Kemkemia Temporal range: Cenomanian

Scientific classification
- Kingdom: Animalia
- Phylum: Chordata
- Class: Reptilia
- Clade: Archosauria
- Clade: Pseudosuchia
- Clade: Crocodylomorpha
- Clade: Solidocrania
- Clade: Crocodyliformes
- Genus: †Kemkemia Cau & Maganuco, 2009
- Species: †K. auditorei
- Binomial name: †Kemkemia auditorei Cau & Maganuco, 2009

= Kemkemia =

- Genus: Kemkemia
- Species: auditorei
- Authority: Cau & Maganuco, 2009
- Parent authority: Cau & Maganuco, 2009

Extinct genus of reptiles

Kemkemia is a genus of probable crocodyliforms living in the Cretaceous, described from a single fossil that was recovered in 1999 from Morocco by an Italian team searching for fossil invertebrates. The fossil of Kemkemia dates from the Cenomanian age.

== History ==
The type species, Kemkemia auditorei, was named and described in 2009 by Italian paleontologists Andrea Cau and Simone Maganuco and is based on a single distal caudal vertebra, MSNM V6408. This vertebra measures 60.48 mm in length and 33.81 mm in height. The genus name refers to the Kem Kem Beds and the specific name honours Italian paleontological illustrator Marco Auditore.

== Description ==
The describers, because of the general morphology of the vertebra, especially the strongly developed neural spine, originally considered it likely that K. auditorei was a theropod dinosaur belonging to the group Neoceratosauria. In view of the limited remains, they cautiously assigned it to a more general Neotheropoda incertae sedis. However, the authors later discovered it to be a typical crocodyliform, rather than an unusual theropod. Meanwhile, spinosaurids and crocodyliforms share a number of morphological convergences, and the Kemkemia holotype shows a combination of features between "Sigilmassasaurus" and crocodyliforms. Therefore, it is not determinable whether K. auditorei is a crocodyliform or a spinosaurid.

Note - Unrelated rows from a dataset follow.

Lemma sat_spells_fmS a i j l (x := teval w a p) (y := teval w a q)
    (b := upd (upd_uv a i j) (zvar k.+1) l) :
  sat w b (blocks k (spells_fm k.+1 t p q)) <->
  (ordb t1 x i /\ ordb t2 i j /\ ordb t3 j y) /\
  (x < l <= i -> sat w b (blocks k (spells_fm k t1 p u))) /\
  (i < l <= j -> sat w b (blocks k (spells_fm k t2 u v))) /\
  (j < l <= y -> sat w b (blocks k (spells_fm k t3 v q))).
Proof.
have [bp bq] : teval w b p = x /\ teval w b q = y.
  rewrite /b !(teval_upd_zvar k _ l) ?(endpointS _ _ p_end) ?(endpointS _ _ q_end) //.
  by rewrite !(teval_agree _ _ _ _ _ (agree_uv k a i j)).
have [bu bv bz] : [/\ teval w b u = i, teval w b v = j & b (zvar k.+1) = l].
  by rewrite /= /b /upd !eqxx /uvar /vvar /zvar; split; do ?case: eqP; lia.
have [epk eqk] := (endpointS _ _ p_end, endpointS _ _ q_end).
have [eu ev] := (endpoint_u, endpoint_v).
have sb r r' : endpoint k r -> endpoint k r' -> stable k (between_fm (zvar k.+1) r r').
  by apply: stable_between_fm; rewrite /zvar; lia.
rewrite [spells_fm k.+1 _ _ _]/= blocks_andl; last first.
  by do 2?apply: stable_and; apply: stable_ord_fm.
rewrite [sat w b (FAnd _ _)]/= !sat_ord_fm bp bq bu bv.
split=> -[O G]; split=> //; move: G; have ij : i <= j by case: O => _ [/ordb_leq].
all: rewrite blocks_guards3; try by apply: sb.
all: rewrite !sat_between_fm ?bp ?bq ?bu ?bv bz //; clear -ij; lia.
Qed.

Lemma size_pieces : size t <= 3 ^ k.+1 ->
  [/\ size t1 <= 3 ^ k, size t2 <= 3 ^ k & size t3 <= 3 ^ k].
Proof. by rewrite expnS => st; rewrite !size_take_min !size_drop; split; lia. Qed.

Hypothesis guarded_k : guarded_spells k.

Lemma sat_cuts_spells_fmS a i j (x := teval w a p) (y := teval w a q) :
  size t <= 3 ^ k.+1 -> 1 <= x -> y <= size w -> 1 <= i <= size w -> 1 <= j <= size w ->
  (forall l, 1 <= l <= size w ->
     sat w (upd (upd_uv a i j) (zvar k.+1) l) (blocks k (spells_fm k.+1 t p q))) <->
  [/\ spells w t1 x i, spells w t2 i j & spells w t3 j y].
Proof.
move=> /size_pieces[s1 s2 s3] x1 yw ui uj; set a' := upd_uv a i j.
have [a'p a'q] : teval w a' p = x /\ teval w a' q = y.
  by rewrite !(teval_agree _ _ _ _ _ (agree_uv k a i j)).
have [a'u a'v] : teval w a' u = i /\ teval w a' v = j.
  by rewrite /= /a' /upd !eqxx /uvar /vvar; case: eqP; lia.
have [epk eqk] := (endpointS _ _ p_end, endpointS _ _ q_end).
have [[i1 iw] [j1 jw]] := (andP ui, andP uj).
have G1 := guarded_k a' t1 p u epk endpoint_u s1.
have G2 := guarded_k a' t2 u v endpoint_u endpoint_v s2.
have G3 := guarded_k a' t3 v q endpoint_v eqk s3.
rewrite a'p a'q a'u a'v in G1 G2 G3.
move/(_ x1 iw) in G1; move/(_ i1 jw) in G2; move/(_ j1 yw) in G3.
split=> [H | [/G1[o1 H1] /G2[o2 H2] /G3[o3 H3]] l ul]; last first.
  by apply/sat_spells_fmS; split; [ | split; [exact: H1 | split; [exact: H2 | exact: H3]]].
have u1 : 1 <= 1 <= size w by rewrite leqnn.
have [[o1 [o2 o3]] _] := (sat_spells_fmS a i j 1).1 (H 1 u1).
have inU l lo hi : 1 <= lo -> hi <= size w -> lo < l <= hi -> 1 <= l <= size w.
  by clear; lia.
have Hl l (ul : 1 <= l <= size w) := ((sat_spells_fmS a i j l).1 (H l ul)).2.
split; [apply/G1 | apply/G2 | apply/G3]; split=> // l bl.
- exact: (Hl l (inU _ _ _ x1 iw bl)).1.
- exact: (Hl l (inU _ _ _ i1 jw bl)).2.1.
- exact: (Hl l (inU _ _ _ j1 yw bl)).2.2.
Qed.

Lemma sat_blocks_spells_fmS a : size t <= 3 ^ k.+1 ->
  1 <= teval w a p -> teval w a q <= size w ->
  sat w a (blocks k.+1 (spells_fm k.+1 t p q)) <-> spells w t (teval w a p) (teval w a q).
Proof.
move=> st x1 yw; have tE : t1 ++ t2 ++ t3 = t.
  by rewrite -(drop_drop t (3 ^ k)) !cat_take_drop.
rewrite sat_blocksS -[X in spells w X _ _]tE.
split=> [[i [ui [j [uj /(sat_cuts_spells_fmS a i j st x1 yw ui uj)[sp1 sp2 sp3]]]]] | ].
  by apply/spells_cat; exists i => //; apply/spells_cat; exists j.
case/spells_cat => i sp1 /spells_cat[j sp2 sp3].
have [[/andP[xi iw] _] [/andP[ij jw] _]] := (sp1, sp2).
have [ui uj] : 1 <= i <= size w /\ 1 <= j <= size w by lia.
by exists i; split=> //; exists j; split=> //; apply/sat_cuts_spells_fmS.
Qed.

End Step.

Lemma guarded_nil x y (P : nat -> Prop) : y <= size w ->
  (ordb [::] x y /\ forall l, x < l <= y -> P l) <-> spells w [::] x y.
Proof. by move=> yw; rewrite spells_nil /=; split=> [[/eqP] | [->]]; split=> // l; lia. Qed.

Lemma guarded_spells0 : guarded_spells 0.
Proof.
move=> a [|c [|? ?]] p q _ q_end st x1 yw //; first exact: guarded_nil.
rewrite (spells1 false) /=.
have qE l : teval w (upd a (zvar 1) l) q = teval w a q := teval_upd_zvar 0 a l q q_end.
split=> [[xy H] | [yE yw' cE]].
  have [] := H (teval w a p).+1; first by rewrite leqnn xy.
  rewrite upd_same qE => yE; rewrite sat_letter_fm qE -yE /=; last by rewrite yE yw.
  by move=> <-; split=> //; rewrite yE.
split=> [|l xl]; first by rewrite yE.
rewrite upd_same qE sat_letter_fm qE yE //=; last by rewrite -yE yw'.
by split=> //; lia.
Qed.

Lemma guarded_spellsS k : guarded_spells k -> guarded_spells k.+1.
Proof.
move=> gk a [|c t] p q p_end q_end st x1 yw; first exact: guarded_nil.
have E l : sat w (upd a (zvar k.+2) l) (blocks k.+1 (spells_fm k.+1 (c :: t) p q)) <->
           spells w (c :: t) (teval w a p) (teval w a q).
  by rewrite sat_blocks_spells_fmS ?teval_upd_zvar.
split=> [[xy H] | sp]; first by apply/(E (teval w a q))/H; rewrite leqnn andbT.
by split=> [|l _]; [rewrite /= -(size_spells sp) /= addnS ltnS leq_addr | apply/E].
Qed.

Lemma guarded_spells_all k : guarded_spells k.
Proof. by elim: k => [|k]; [exact: guarded_spells0 | exact: guarded_spellsS]. Qed.

Lemma sat_blocks_spells_fm k a t p q : endpoint k p -> endpoint k q -> size t < 3 ^ k ->
  1 <= teval w a p -> teval w a q <= size w ->
  sat w a (blocks k (spells_fm k t p q)) <-> spells w t (teval w a p) (teval w a q).
Proof.
case: k => [|k] p_end q_end st x1 yw.
  by case: t st => // _; rewrite spells_nil; split=> [-> | []].
by apply: sat_blocks_spells_fmS => //; [exact: guarded_spells_all | exact: ltnW].
Qed.

End Semantics.

Lemma sentence_word_fm k w : size w <= 3 ^ k -> sentence (word_fm k w).
Proof.
move=> wk; have kE : maxn k (behead w != [::]) = k.
  case: k wk => [|k] wk; first by case: w wk => [|? []].
  by apply/maxn_idPl; apply: leq_trans (leq_b1 _) _.
have bound : all (bound_var k) (fv (spells_fm k (behead w) TMin TMax)).
  by apply: fv_spells_fm => // y; rewrite kE.
rewrite /sentence /word_fm fv_blocks (@eq_in_filter _ _ pred0) ?filter_pred0 // => y.
by rewrite [fv _]/= fv_letter_fm /= => /(allP bound) ->.
Qed.

Lemma holds_word_fm k w w' : 0 < size w -> size w <= 3 ^ k -> size w' = size w ->
  holds w' (word_fm k w) <-> w' = w.
Proof.
move=> w_gt0 wk w'w; have w'_gt0 : 0 < size w' by rewrite w'w.
rewrite /holds /word_fm blocks_andl //; last exact: stable_letter_fm.
rewrite sat_letter_fm ?w'_gt0 // sat_blocks_spells_fm //=; last by rewrite size_behead; lia.
rewrite spells_behead //.
case: w' w'_gt0 w'w => // c' s' _; case: w w_gt0 {wk} => // c s _ /= _.
by split=> [[-> ->] | [-> ->]].
Qed.
(* In the setting described in the context, let $$X=W^{1/2}R^T\big(RWR^TL_{e,s}^\tau RWR^T\big)^{-1}RW^{1/2},\qquad X_1=W^{-1/2}R^\dagger(L_{e,s}^\tau)^{-1}(R^\dagger)^TW^{-1/2},$$ where $R^\dagger$ is the Moore–Penrose pseudoinverse of $R$. Then $\lambda_{\max}(X_1)\ge\lambda_{\max}(X)$.
   Context: Let $\mathcal G$ be an undirected, connected graph without self-loops, with node set $\{1,\dots,n\}$ ($n\ge2$) and edge set $\mathcal E$, $m=|\mathcal E|$. Give each edge an arbitrary orientation; the incidence matrix $D\in\mathbb R^{n\times m}$ has $D_{il}=1$ if node $i$ is the initial node of edge $l$, $-1$ if it is the terminal node, and $0$ otherwise. Fix a spanning tree $\mathcal G_\tau$ and order the edges so the first $n-1$ are tree edges; write $D=[D_\tau\ D_c]$ with $D_\tau\in\mathbb R^{n\times(n-1)}$. Set $T_\tau^c=(D_\tau^TD_\tau)^{-1}D_\tau^TD_c$ and $R=[I_{n-1}\ T_\tau^c]\in\mathbb R^{(n-1)\times m}$. Let $W=\mathrm{diag}(w_1,\dots,w_m)$, $w_l>0$, and $E=\mathrm{diag}(\epsilon_1,\dots,\epsilon_n)$, $\epsilon_i>0$; powers of these diagonal matrices are taken entrywise. Define $L_{e,s}^\tau=D_\tau^TE^{-1}D_\tau$. $\lambda_{\max}$ denotes the largest eigenvalue of a symmetric matrix. *)

From HB Require Import structures.
From mathcomp Require Import all_boot all_order all_algebra.
From mathcomp Require Import polyrcf.
Set Implicit Arguments. Unset Strict Implicit. Unset Printing Implicit Defensive.
Import Order.TTheory GRing.Theory Num.Theory.
Local Open Scope ring_scope.

(* A graph with node set 'I_n and edge set 'I_m, each edge l given an
   orientation: initial node s l, terminal node t l. *)

Definition simple_graph (n m : nat) (s t : 'I_m -> 'I_n) : Prop :=
  (forall l, s l != t l) /\
  (forall l l', l != l' ->
     ~~ (((s l == s l') && (t l == t l')) || ((s l == t l') && (t l == s l')))).

Definition gadj (n m : nat) (s t : 'I_m -> 'I_n) (P : pred 'I_m) : rel 'I_n :=
  fun i j => [exists l, P l && (((s l == i) && (t l == j)) || ((s l == j) && (t l == i)))].

Definition connected_on (n m : nat) (s t : 'I_m -> 'I_n) (P : pred 'I_m) : Prop :=
  forall i j : 'I_n, connect (gadj s t P) i j.

(* edges are 'I_(n.-1 + k); the first n-1 edges (val l < n.-1) form a spanning tree:
   a connected spanning subgraph with exactly n-1 edges *)
Definition first_edges_spanning_tree (n k : nat) (s t : 'I_(n.-1 + k) -> 'I_n) : Prop :=
  connected_on s t (fun l => (val l < n.-1)%N).

Definition incidence (R : ringType) (n m : nat) (s t : 'I_m -> 'I_n) : 'M[R]_(n, m) :=
  \matrix_(i, l) (if s l == i then 1 else if t l == i then -1 else 0).

Section Mats.
Variables (R : rcfType) (n k : nat) (s t : 'I_(n.-1 + k) -> 'I_n).
Variables (w : 'I_(n.-1 + k) -> R) (eps : 'I_n -> R).

Definition Dmat : 'M[R]_(n, n.-1 + k) := incidence R s t.
Definition Dtau : 'M[R]_(n, n.-1) := lsubmx Dmat.
Definition Dc : 'M[R]_(n, k) := rsubmx Dmat.
Definition Ttc : 'M[R]_(n.-1, k) := invmx (Dtau^T *m Dtau) *m Dtau^T *m Dc.
Definition Rmat : 'M[R]_(n.-1, n.-1 + k) := row_mx 1%:M Ttc.

Definition Wmat : 'M[R]_(n.-1 + k) := diag_mx (\row_l w l).
Definition Wsqrt : 'M[R]_(n.-1 + k) := diag_mx (\row_l Num.sqrt (w l)).
Definition Wsqrtinv : 'M[R]_(n.-1 + k) := diag_mx (\row_l (Num.sqrt (w l))^-1).
Definition Einv : 'M[R]_n := diag_mx (\row_i (eps i)^-1).

Definition Lest : 'M[R]_(n.-1) := Dtau^T *m Einv *m Dtau.

Definition Xmat : 'M[R]_(n.-1 + k) :=
  Wsqrt *m Rmat^T
  *m invmx (Rmat *m Wmat *m Rmat^T *m Lest *m Rmat *m Wmat *m Rmat^T)
  *m Rmat *m Wsqrt.

Definition X1mat (Rd : 'M[R]_(n.-1 + k, n.-1)) : 'M[R]_(n.-1 + k) :=
  Wsqrtinv *m Rd *m invmx Lest *m Rd^T *m Wsqrtinv.
End Mats.

(* B is the Moore-Penrose pseudoinverse of A (the four Penrose conditions, real case) *)
Definition is_MP_pinv (R : ringType) (p q : nat) (A : 'M[R]_(p, q)) (B : 'M[R]_(q, p)) : Prop :=
  [/\ A *m B *m A = A, B *m A *m B = B, (A *m B)^T = A *m B & (B *m A)^T = B *m A].

(* largest eigenvalue: the maximum of the real roots of the characteristic
   polynomial (the eigenvalues); 0 if there are none (never the case for
   symmetric matrices of positive size) *)
Definition lambda_max (R : rcfType) (p : nat) (A : 'M[R]_p) : R :=
  let rs := rootsR (char_poly A) in foldr Num.max (head 0 rs) rs.

From HB Require Import structures.
From mathcomp Require Import all_boot all_order all_algebra.
From mathcomp Require Import polyrcf complex sesquilinear spectral zify.
Set Implicit Arguments. Unset Strict Implicit. Unset Printing Implicit Defensive.
Import Order.TTheory GRing.Theory Num.Theory.
Local Open Scope ring_scope.

(** Put A = R W^(1/2) and B = (R^dag)^T W^(-1/2). Since R = [I T] has a right
    inverse, the Penrose condition R R^dag R = R forces R R^dag = I, so A B^T = I.
    Then X = A^T (A A^T L A A^T)^(-1) A and X_1 = B^T L^(-1) B, and on the row
    space of A both quadratic forms agree: zA maps to z L^(-1) z^T. An eigenvector
    of X for a nonzero eigenvalue lies in that row space, so the Rayleigh quotient
    of X_1 at a top eigenvector of X is lambda_max(X), and the Rayleigh bound for
    the symmetric matrix X_1 concludes. If lambda_max(X) <= 0, it suffices that
    X_1 is positive semidefinite, L being positive definite because the tree part
    D_tau of the incidence matrix has full column rank. *)

Section PositiveDefinite.
Variable F : realFieldType.

Definition posdefmx p (A : 'M[F]_p) :=
  forall x : 'rV_p, x != 0 -> 0 < (x *m A *m x^T) 0 0.

Lemma posdefmx_form_ge0 p (A : 'M[F]_p) (x : 'rV_p) :
  posdefmx A -> 0 <= (x *m A *m x^T) 0 0.
Proof.
move=> Apd; have [->|/Apd/ltW //] := eqVneq x 0.
by rewrite !mul0mx mxE.
Qed.

Lemma posdefmx_unit p (A : 'M[F]_p) : posdefmx A -> A \in unitmx.
Proof.
move=> Apd; rewrite -row_free_unit -kermx_eq0; apply/rowV0P => x /sub_kermxP xA0.
apply/eqP/negP => /negP/Apd; by rewrite xA0 mul0mx mxE ltxx.
Qed.

Lemma posdefmx_diag p (d : 'rV[F]_p) : (forall i, 0 < d 0 i) -> posdefmx (diag_mx d).
Proof.
move=> d_gt0 x x0; rewrite mul_mx_diag mxE.
have /existsP [j xj0] : [exists j, x 0 j != 0].
  apply: contraR x0 => /existsPn xj0; apply/eqP/rowP => j; rewrite mxE.
  exact/eqP/negPn/xj0.
have term_ge0 i : 0 <= (\matrix_(a, b) (x a b * d 0 b)) 0 i * x^T i 0.
  by rewrite !mxE mulrAC -expr2 mulr_ge0 ?sqr_ge0 ?ltW.
rewrite lt0r psumr_neq0 ?sumr_ge0 // andbT; apply/hasP.
exists j; rewrite ?mem_index_enum //.
by rewrite !mxE mulrAC -expr2 mulr_gt0 // lt0r sqr_ge0 sqrf_eq0 xj0.
Qed.

Lemma posdefmx1 p : posdefmx (1%:M : 'M[F]_p).
Proof. by rewrite -diag_const_mx; apply: posdefmx_diag => i; rewrite mxE ltr01. Qed.

Lemma posdefmx_congr m p (A : 'M[F]_p) (B : 'M[F]_(m, p)) :
  row_free B -> posdefmx A -> posdefmx (B *m A *m B^T).
Proof.
move=> Bfree Apd x x0; rewrite !mulmxA -(trmxK x) -mulmxA -trmx_mul trmxK.
by apply: Apd; rewrite mulmx_free_eq0.
Qed.

Lemma posdefmx_gram m p (A : 'M[F]_(m, p)) : row_free A -> posdefmx (A *m A^T).
Proof.
by move=> A_free; rewrite -[A in A *m _]mulmx1; exact: posdefmx_congr A_free (@posdefmx1 p).
Qed.

Lemma posdefmx_inv p (A : 'M[F]_p) : A^T = A -> posdefmx A -> posdefmx (invmx A).
Proof.
move=> Asym Apd; have Au := posdefmx_unit Apd.
have -> : invmx A = invmx A *m A *m (invmx A)^T.
  by rewrite mulVmx // mul1mx trmx_inv Asym.
by apply: posdefmx_congr Apd; rewrite row_free_unit unitmx_inv.
Qed.

End PositiveDefinite.

Lemma foldr_max_mem (R : realDomainType) (x0 : R) (s : seq R) :
  foldr Num.max x0 s \in x0 :: s.
Proof.
elim: s => [|x s IH] /=; first exact: mem_head.
rewrite !inE; case: (ltP (foldr Num.max x0 s) x) => _; first by rewrite eqxx orbT.
by move: IH; rewrite inE => /orP[->|->]; rewrite ?orbT.
Qed.

Lemma foldr_max_ge (R : realDomainType) (x0 : R) (s : seq R) x :
  x \in s -> x <= foldr Num.max x0 s.
Proof.
elim: s => [|y s IH] //=; rewrite inE le_max => /predU1P[->|/IH ->];
  by rewrite ?lexx ?orbT.
Qed.

Section LambdaMax.
Variables (R : rcfType) (p : nat).
Implicit Types A : 'M[R]_p.

Lemma mem_rootsR_char_poly A r : (r \in rootsR (char_poly A)) = root (char_poly A) r.
Proof. by rewrite -(roots_on_rootsR (monic_neq0 (char_poly_monic A))). Qed.

Lemma root_char_poly_le_lambda_max A r : root (char_poly A) r -> r <= lambda_max A.
Proof. by rewrite -mem_rootsR_char_poly; apply: foldr_max_ge. Qed.

Lemma lambda_max_eigenvalue A : lambda_max A != 0 -> eigenvalue A (lambda_max A).
Proof.
rewrite eigenvalue_root_char -mem_rootsR_char_poly /lambda_max.
case: (rootsR _) => [|x s] /=; first by rewrite eqxx.
move=> _; have /= := foldr_max_mem x (x :: s).
by rewrite inE => /predU1P[->|]; rewrite ?mem_head.
Qed.

Lemma lambda_max_ge0 A :
  (forall c : 'rV_p, 0 <= (c *m A *m c^T) 0 0) -> 0 <= lambda_max A.
Proof.
move=> A_ge0; have [->//|] := eqVneq (lambda_max A) 0.
move=> /lambda_max_eigenvalue/eigenvalueP [v vA v0].
have := posdefmx1 v0; rewrite mulmx1 => vv_gt0.
by have := A_ge0 v; rewrite vA -scalemxAl mxE pmulr_lge0.
Qed.

End LambdaMax.

Lemma eigenvalue_spectral_diag (C : numClosedFieldType) n (A : 'M[C]_n) i :
  A \is normalmx -> eigenvalue A (spectral_diag A 0 i).
Proof.
move=> /orthomx_spectralP A_eq; have U_unit := spectral_unit A.
set U := spectralmx A in A_eq U_unit *; set d := spectral_diag A in A_eq *.
apply/eigenvalueP; exists (row i U).
  rewrite [in LHS]A_eq rowE !mulmxA mulmxK //.
  by rewrite -[_ *m diag_mx d]rowE row_diag_mx -scalemxAl -rowE.
rewrite rowE mulmx_free_eq0 ?row_free_unit //; apply/eqP => /matrixP /(_ 0 i).
by rewrite !mxE !eqxx => /eqP; rewrite oner_eq0.
Qed.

Kemkemia was a predator with a body length of about 4–5 m and, given that the vertebra is not very robust, possibly lightly built. The species length could be extrapolated because the specimen is that of an adult.

== Paleoecology ==
The fossil is one of the few probable known crocodyliform caudal vertebrae. It comes from the Kem Kem Beds that have produced the fossils of very large predatory dinosaur genera: Spinosaurus, Carcharodontosaurus and Deltadromeus.